Material for this exercise Start Marker
(* Let $(\mathcal E,S,\Theta_A(\mathcal E))$ and $(\mathcal F,T,\Theta_A(\mathcal F))$ be right functional $A$-modules and $(X,f)$ a functional module homomorphism between them with $X$ surjective. Then $(X,f)$ induces a ring homomorphism $\sigma\colon\mathcal K_A(\mathcal E)\to\mathcal K_A(\mathcal F)$, and $f$ is injective. If $(X,f)$ is an isomorphism (i.e. $X$ and $f$ are bijective), then $\sigma$ is an isomorphism and extends to an isomorphism $\mathcal L_A(\mathcal E)\to\mathcal L_A(\mathcal F)$.
   Context: $G$ is a discrete group; $(A,\alpha)$ is an associative ring (not necessarily commutative or unital) with $G$-action. A right functional $A$-module is a right $A$-module $\mathcal E$ with a $G$-action $S$ by additive bijections with $S_g(\xi a)=S_g(\xi)\alpha_g(a)$, together with a functional space $\Theta_A(\mathcal E)\subseteq\mathrm{Hom}_A(\mathcal E,A)$ which is a left $A$-submodule ($(a\varphi)(\xi)=a\varphi(\xi)$) invariant under $\varphi\mapsto\alpha_g\circ\varphi\circ S_{g^{-1}}$. The compact operators $\mathcal K_A(\mathcal E)$ are the finite sums of $\theta_{\eta,\varphi}(\xi)=\eta\varphi(\xi)$ ($\eta\in\mathcal E$, $\varphi\in\Theta_A(\mathcal E)$); the adjointable operators $\mathcal L_A(\mathcal E)$ are the $V\in\mathrm{Hom}_A(\mathcal E,\mathcal E)$ with $\varphi\circ V\in\Theta_A(\mathcal E)$ for all $\varphi\in\Theta_A(\mathcal E)$. A functional module homomorphism $(X,f)$ from $\mathcal E$ to $\mathcal F$ consists of a $G$-equivariant right $A$-module homomorphism $X\colon\mathcal E\to\mathcal F$ and a $G$-equivariant left $A$-module homomorphism $f\colon\Theta_A(\mathcal E)\to\Theta_A(\mathcal F)$ such that $f(\varphi)(X(\xi))=\varphi(\xi)$ for all $\varphi\in\Theta_A(\mathcal E)$, $\xi\in\mathcal E$. *)

From HB Require Import structures.
From mathcomp Require Import all_boot all_algebra.
Set Implicit Arguments.
Unset Strict Implicit.
Unset Printing Implicit Defensive.
Import GRing.Theory.
Local Open Scope ring_scope.

(* A : an associative, not necessarily unital nor commutative ring, given as
   an additive group [A : zmodType] together with a multiplication [mulA]
   satisfying [nonunital_ring_axioms]. *)

Section Defs.
Variable G : groupType.
Variable A : zmodType.
Variable mulA : A -> A -> A.

Definition nonunital_ring_axioms : Prop :=
  [/\ associative mulA,
      left_distributive mulA +%R & right_distributive mulA +%R].

Definition ring_action (alpha : G -> A -> A) : Prop :=
  [/\ forall g x y, alpha g (x + y) = alpha g x + alpha g y,
      forall g x y, alpha g (mulA x y) = mulA (alpha g x) (alpha g y),
      forall g, bijective (alpha g),
      forall x, alpha 1%g x = x
    & forall g h x, alpha (g * h)%g x = alpha g (alpha h x)].

Variable alpha : G -> A -> A.

Section Module.
Variable E : zmodType.
Variable ract : E -> A -> E.

Definition right_module : Prop :=
  [/\ forall xi eta a, ract (xi + eta) a = ract xi a + ract eta a,
      forall xi a b, ract xi (a + b) = ract xi a + ract xi b
    & forall xi a b, ract xi (mulA a b) = ract (ract xi a) b].

Definition module_action (S : G -> E -> E) : Prop :=
  [/\ forall g xi eta, S g (xi + eta) = S g xi + S g eta,
      forall g, bijective (S g),
      forall xi, S 1%g xi = xi,
      forall g h xi, S (g * h)%g xi = S g (S h xi)
    & forall g xi a, S g (ract xi a) = ract (S g xi) (alpha g a)].

Definition is_hom_to_A (phi : E -> A) : Prop :=
  (forall xi eta, phi (xi + eta) = phi xi + phi eta) /\
  (forall xi a, phi (ract xi a) = mulA (phi xi) a).

Definition functional_space (S : G -> E -> E) (Theta : (E -> A) -> Prop) : Prop :=
  [/\ forall phi, Theta phi -> is_hom_to_A phi,
      Theta (fun _ => 0),
      forall phi psi, Theta phi -> Theta psi -> Theta (fun xi => phi xi - psi xi),
      forall a phi, Theta phi -> Theta (fun xi => mulA a (phi xi))
    & forall g phi, Theta phi -> Theta (fun xi => alpha g (phi (S g^-1%g xi)))].

Definition functional_module (S : G -> E -> E) (Theta : (E -> A) -> Prop) : Prop :=
  [/\ right_module, module_action S & functional_space S Theta].

Definition theta_op (eta : E) (phi : E -> A) : E -> E :=
  fun xi => ract eta (phi xi).

Definition compact_op (Theta : (E -> A) -> Prop) (K : E -> E) : Prop :=
  exists (n : nat) (eta : 'I_n -> E) (phi : 'I_n -> E -> A),
    (forall i, Theta (phi i)) /\
    (forall xi, K xi = \sum_(i < n) theta_op (eta i) (phi i) xi).

Definition adjointable_op (Theta : (E -> A) -> Prop) (V : E -> E) : Prop :=
  [/\ forall xi eta, V (xi + eta) = V xi + V eta,
      forall xi a, V (ract xi a) = ract (V xi) a
    & forall phi, Theta phi -> Theta (fun xi => phi (V xi))].

End Module.

Definition op_add (E : zmodType) (K1 K2 : E -> E) : E -> E :=
  fun xi => K1 xi + K2 xi.

(* A functional module homomorphism (X, f).  f is given as a function on all
   of E -> A, only its values on Theta_A(E) matter. *)
Definition functional_module_hom (E F : zmodType)
    (ractE : E -> A -> E) (S : G -> E -> E) (ThetaE : (E -> A) -> Prop)
    (ractF : F -> A -> F) (T : G -> F -> F) (ThetaF : (F -> A) -> Prop)
    (X : E -> F) (f : (E -> A) -> (F -> A)) : Prop :=
  [/\
      (forall xi eta, X (xi + eta) = X xi + X eta)
      /\ (forall xi a, X (ractE xi a) = ractF (X xi) a)
      /\ (forall g xi, X (S g xi) = T g (X xi)),
      forall phi, ThetaE phi -> ThetaF (f phi),
      (forall phi psi, ThetaE phi -> ThetaE psi ->
          f (fun xi => phi xi + psi xi) = (fun z => f phi z + f psi z))
      /\ (forall a phi, ThetaE phi ->
          f (fun xi => mulA a (phi xi)) = (fun z => mulA a (f phi z)))
      /\ (forall g phi, ThetaE phi ->
          f (fun xi => alpha g (phi (S g^-1%g xi)))
          = (fun z => alpha g (f phi (T g^-1%g z))))
    & forall phi xi, ThetaE phi -> f phi (X xi) = phi xi].

End Defs.

From mathcomp Require Import all_boot all_algebra.
From Stdlib Require Import ClassicalEpsilon FunctionalExtensionality.
Set Implicit Arguments.
Unset Strict Implicit.
Unset Printing Implicit Defensive.
Import GRing.Theory.
Local Open Scope ring_scope.

(* Since phi = f(phi) o X, a compact operator K = sum_i theta_{eta_i, phi_i}
   on E satisfies X o K = K' o X for the compact operator
   K' = sum_i theta_{X eta_i, f phi_i} on F.  When X is onto, K' = X o K o s
   for any section s of X, so sigma K := X o K o s is compact, additive and
   multiplicative on K_A(E).  When (X, f) is an isomorphism, (X^-1, f^-1) is
   again a functional module homomorphism, and conjugation by X is a ring
   isomorphism L_A(E) -> L_A(F) with inverse conjugation by X^-1. *)

Lemma additive_sum (U V : zmodType) (h : U -> V) :
  {morph h : x y / x + y} ->
  forall n (u : 'I_n -> U), h (\sum_(i < n) u i) = \sum_(i < n) h (u i).
Proof.
move=> hD n u; apply: big_morph => //.
by apply: (addrI (h 0)); rewrite -hD !addr0.
Qed.

Section ModuleMaps.
Variable A : zmodType.

Definition module_hom (E F : zmodType) (ractE : E -> A -> E) (ractF : F -> A -> F)
    (X : E -> F) : Prop :=
  {morph X : xi eta / xi + eta} /\ forall xi a, X (ractE xi a) = ractF (X xi) a.

Lemma module_hom_can (E F : zmodType) (ractE : E -> A -> E) (ractF : F -> A -> F)
    (X : E -> F) (s : F -> E) :
  module_hom ractE ractF X -> cancel X s -> cancel s X -> module_hom ractF ractE s.
Proof.
move=> [XD Xr] Xs sX; split=> [z1 z2 | z a]; apply: (can_inj Xs).
  by rewrite XD !sX.
by rewrite Xr !sX.
Qed.

Definition factors_functionals (E F : zmodType) (X : E -> F)
    (ThetaE : (E -> A) -> Prop) (ThetaF : (F -> A) -> Prop) : Prop :=
  forall phi, ThetaE phi -> exists2 psi, ThetaF psi & forall xi, psi (X xi) = phi xi.

End ModuleMaps.

Section Conjugation.
Variables (E F : Type) (X : E -> F) (s : F -> E).

Definition conj_op (V : E -> E) : F -> F := X \o V \o s.

Hypothesis Xs : cancel s X.

Lemma conj_op_intertwined (V : E -> E) (V' : F -> F) :
  (forall xi, X (V xi) = V' (X xi)) -> conj_op V = V'.
Proof. by move=> XV; apply: functional_extensionality => z; rewrite /conj_op /= XV Xs. Qed.

Lemma conj_op_comp (V1 V2 : E -> E) (V1' : F -> F) :
  (forall xi, X (V1 xi) = V1' (X xi)) ->
  conj_op (V1 \o V2) = conj_op V1 \o conj_op V2.
Proof.
move=> XV1; rewrite (conj_op_intertwined XV1).
by apply: functional_extensionality => z; rewrite /conj_op /= XV1.
Qed.

Hypothesis sX : cancel X s.

Lemma conj_opX (V : E -> E) xi : X (V xi) = conj_op V (X xi).
Proof. by rewrite /conj_op /= sX. Qed.

Lemma conj_op_inj : injective conj_op.
Proof.
move=> V1 V2 eqV; apply: functional_extensionality => xi.
by apply: (can_inj sX); rewrite !conj_opX eqV.
Qed.

End Conjugation.

Lemma conj_op_add (E F : zmodType) (X : E -> F) (s : F -> E) (V1 V2 : E -> E) :
  {morph X : xi eta / xi + eta} ->
  conj_op X s (op_add V1 V2) = op_add (conj_op X s V1) (conj_op X s V2).
Proof. by move=> XD; apply: functional_extensionality => z; rewrite /conj_op /= XD. Qed.

Lemma conj_opK (E F : Type) (X : E -> F) (s : F -> E) :
  cancel X s -> cancel s X -> cancel (conj_op s X) (conj_op X s).
Proof.
move=> sX Xs V'; apply: conj_op_intertwined => // z.
by rewrite /= Xs.
Qed.

Section Transport.
Variables (A : zmodType) (E F : zmodType).
Variables (ractE : E -> A -> E) (ThetaE : (E -> A) -> Prop).
Variables (ractF : F -> A -> F) (ThetaF : (F -> A) -> Prop).
Variable X : E -> F.
Hypotheses (Xhom : module_hom ractE ractF X)
  (Xfactors : factors_functionals X ThetaE ThetaF).

Lemma compact_op_intertwine (K : E -> E) :
  compact_op ractE ThetaE K ->
  exists2 K', compact_op ractF ThetaF K' & forall xi, X (K xi) = K' (X xi).
Proof.
case: Xhom => XD Xr [n [eta [phi [Hphi HK]]]].
have /choice [psi Hpsi] :
    forall i, exists psi, ThetaF psi /\ forall xi, psi (X xi) = phi i xi.
  by move=> i; have [psi ? ?] := Xfactors (Hphi i); exists psi.
exists (fun z => \sum_(i < n) theta_op ractF (X (eta i)) (psi i) z).
  by exists n, (X \o eta), psi; split=> // i; case: (Hpsi i).
move=> xi; rewrite HK additive_sum //; apply: eq_bigr => i _.
by rewrite /theta_op Xr (proj2 (Hpsi i)).
Qed.

Lemma compact_op_conj (s : F -> E) (K : E -> E) :
  cancel s X -> compact_op ractE ThetaE K -> compact_op ractF ThetaF (conj_op X s K).
Proof.
move=> Xs /compact_op_intertwine [K' HK' XK].
by rewrite (conj_op_intertwined Xs XK).
Qed.

Lemma adjointable_op_conj (s : F -> E) (V : E -> E) :
  module_hom ractF ractE s -> cancel X s -> cancel s X ->
  factors_functionals s ThetaF ThetaE ->
  adjointable_op ractE ThetaE V -> adjointable_op ractF ThetaF (conj_op X s V).
Proof.
case: Xhom => XD Xr [sD sr] sX Xs sfactors [VD Vr VTheta].
split=> [z1 z2 | z a | psi Hpsi]; rewrite /conj_op /= ?sD ?VD ?XD ?sr ?Vr ?Xr //.
have [phi Hphi psiE] := sfactors _ Hpsi.
have psiX xi : psi (X xi) = phi xi by rewrite -psiE sX.
have [psi' Hpsi' psi'E] := Xfactors (VTheta _ Hphi).
suff -> : (fun z => psi (X (V (s z)))) = psi' by [].
by apply: functional_extensionality => z; rewrite psiX -psi'E Xs.
Qed.

End Transport.

Lemma compatible_functional_inj (A E F : zmodType) (ThetaE : (E -> A) -> Prop)
    (X : E -> F) (f : (E -> A) -> F -> A) :
  (forall phi xi, ThetaE phi -> f phi (X xi) = phi xi) ->
  forall phi psi, ThetaE phi -> ThetaE psi -> f phi = f psi -> phi = psi.
Proof.
move=> fX phi psi Hphi Hpsi eqf; apply: functional_extensionality => xi.
by rewrite -(fX _ _ Hphi) -(fX _ _ Hpsi) eqf.
Qed.

Theorem lemma2p8 (G : groupType) (A : zmodType) (mulA : A -> A -> A)
  (alpha : G -> A -> A)
  (E F : zmodType)
  (ractE : E -> A -> E) (S : G -> E -> E) (ThetaE : (E -> A) -> Prop)
  (ractF : F -> A -> F) (T : G -> F -> F) (ThetaF : (F -> A) -> Prop)
  (X : E -> F) (f : (E -> A) -> (F -> A)) :
  nonunital_ring_axioms mulA ->
  ring_action mulA alpha ->
  functional_module mulA alpha ractE S ThetaE ->
  functional_module mulA alpha ractF T ThetaF ->
  functional_module_hom mulA alpha ractE S ThetaE ractF T ThetaF X f ->
  (forall z : F, exists xi : E, X xi = z) ->
  exists sigma : (E -> E) -> (F -> F),
    (* sigma : K_A(E) -> K_A(F) is a ring homomorphism ... *)
    [/\ forall K, compact_op ractE ThetaE K -> compact_op ractF ThetaF (sigma K),
        forall K1 K2, compact_op ractE ThetaE K1 -> compact_op ractE ThetaE K2 ->
          sigma (op_add K1 K2) = op_add (sigma K1) (sigma K2),
        forall K1 K2, compact_op ractE ThetaE K1 -> compact_op ractE ThetaE K2 ->
          sigma (K1 \o K2) = sigma K1 \o sigma K2,
    (* ... induced by (X, f) *)
        forall eta phi, ThetaE phi ->
          sigma (theta_op ractE eta phi) = theta_op ractF (X eta) (f phi)
    &
    (* f is injective (on Theta_A(E)) *)
    (forall phi psi, ThetaE phi -> ThetaE psi -> f phi = f psi -> phi = psi)
    /\
    (* if (X, f) is an isomorphism ... *)
    (bijective X ->
     (forall psi, ThetaF psi -> exists2 phi, ThetaE phi & f phi = psi) ->
       (* ... sigma is an isomorphism K_A(E) -> K_A(F) ... *)
       ((forall K1 K2, compact_op ractE ThetaE K1 -> compact_op ractE ThetaE K2 ->
           sigma K1 = sigma K2 -> K1 = K2)
        /\ (forall K', compact_op ractF ThetaF K' ->
              exists2 K, compact_op ractE ThetaE K & sigma K = K'))
       /\
       (* ... which extends to a ring isomorphism L_A(E) -> L_A(F) *)
       (exists tau : (E -> E) -> (F -> F),
         [/\ forall V, adjointable_op ractE ThetaE V ->
               adjointable_op ractF ThetaF (tau V),
             forall V1 V2, adjointable_op ractE ThetaE V1 ->
               adjointable_op ractE ThetaE V2 ->
               tau (op_add V1 V2) = op_add (tau V1) (tau V2),
             forall V1 V2, adjointable_op ractE ThetaE V1 ->
               adjointable_op ractE ThetaE V2 ->
               tau (V1 \o V2) = tau V1 \o tau V2,
             (forall V1 V2, adjointable_op ractE ThetaE V1 ->
               adjointable_op ractE ThetaE V2 -> tau V1 = tau V2 -> V1 = V2)
             /\ (forall V', adjointable_op ractF ThetaF V' ->
               exists2 V, adjointable_op ractE ThetaE V & tau V = V')
           & forall K, compact_op ractE ThetaE K -> tau K = sigma K]))].
Proof.
move=> _ _ _ _ [[XD [Xr _]] fTheta _ fX] Xsurj.
have Xhom : module_hom ractE ractF X by [].
have Xfactors : factors_functionals X ThetaE ThetaF.
  by move=> phi Hphi; exists (f phi) => [|xi]; [apply: fTheta | apply: fX].
have [s Xs] : exists s : F -> E, cancel s X.
  exact: choice (fun z xi => X xi = z) Xsurj.
exists (conj_op X s); split.
- by move=> K; apply: compact_op_conj.
- by move=> K1 K2 _ _; apply: conj_op_add.
- move=> K1 K2 /(compact_op_intertwine Xhom Xfactors) [K1' _ XK1] _.
  exact: conj_op_comp XK1.
- move=> eta phi Hphi; apply: conj_op_intertwined => // xi.
  by rewrite /theta_op Xr fX.
split; first exact: compatible_functional_inj fX.
move=> Xbij fsurj; have sX : cancel X s by apply/(bij_can_sym Xbij).
have shom := module_hom_can Xhom sX Xs.
have sfactors : factors_functionals s ThetaF ThetaE.
  by move=> psi /fsurj [phi Hphi <-]; exists phi => // z; rewrite -[in RHS](Xs z) fX.
split; first split.
- by move=> K1 K2 _ _; apply: conj_op_inj.
- move=> K' HK'; exists (conj_op s X K'); last exact: conj_opK.
  exact (compact_op_conj shom sfactors sX HK').
exists (conj_op X s); split=> //.
- by move=> V; apply: adjointable_op_conj.
- by move=> V1 V2 _ _; apply: conj_op_add.
- by move=> V1 V2 _ _; apply: conj_op_comp (conj_opX sX V1).
- split=> [V1 V2 _ _ | V' HV']; first exact: conj_op_inj.
  exists (conj_op s X V'); last exact: conj_opK.
  exact (adjointable_op_conj shom sfactors Xhom Xs sX Xfactors HV').
Qed.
Material for this exercise End Marker
◆ Task to carry out:
Each line above that includes "fTheta" should be shown.

◆ Answer to the problem:
move=> _ _ _ _ [[XD [Xr _]] fTheta _ fX] Xsurj.
  by move=> phi Hphi; exists (f phi) => [|xi]; [apply: fTheta | apply: fX].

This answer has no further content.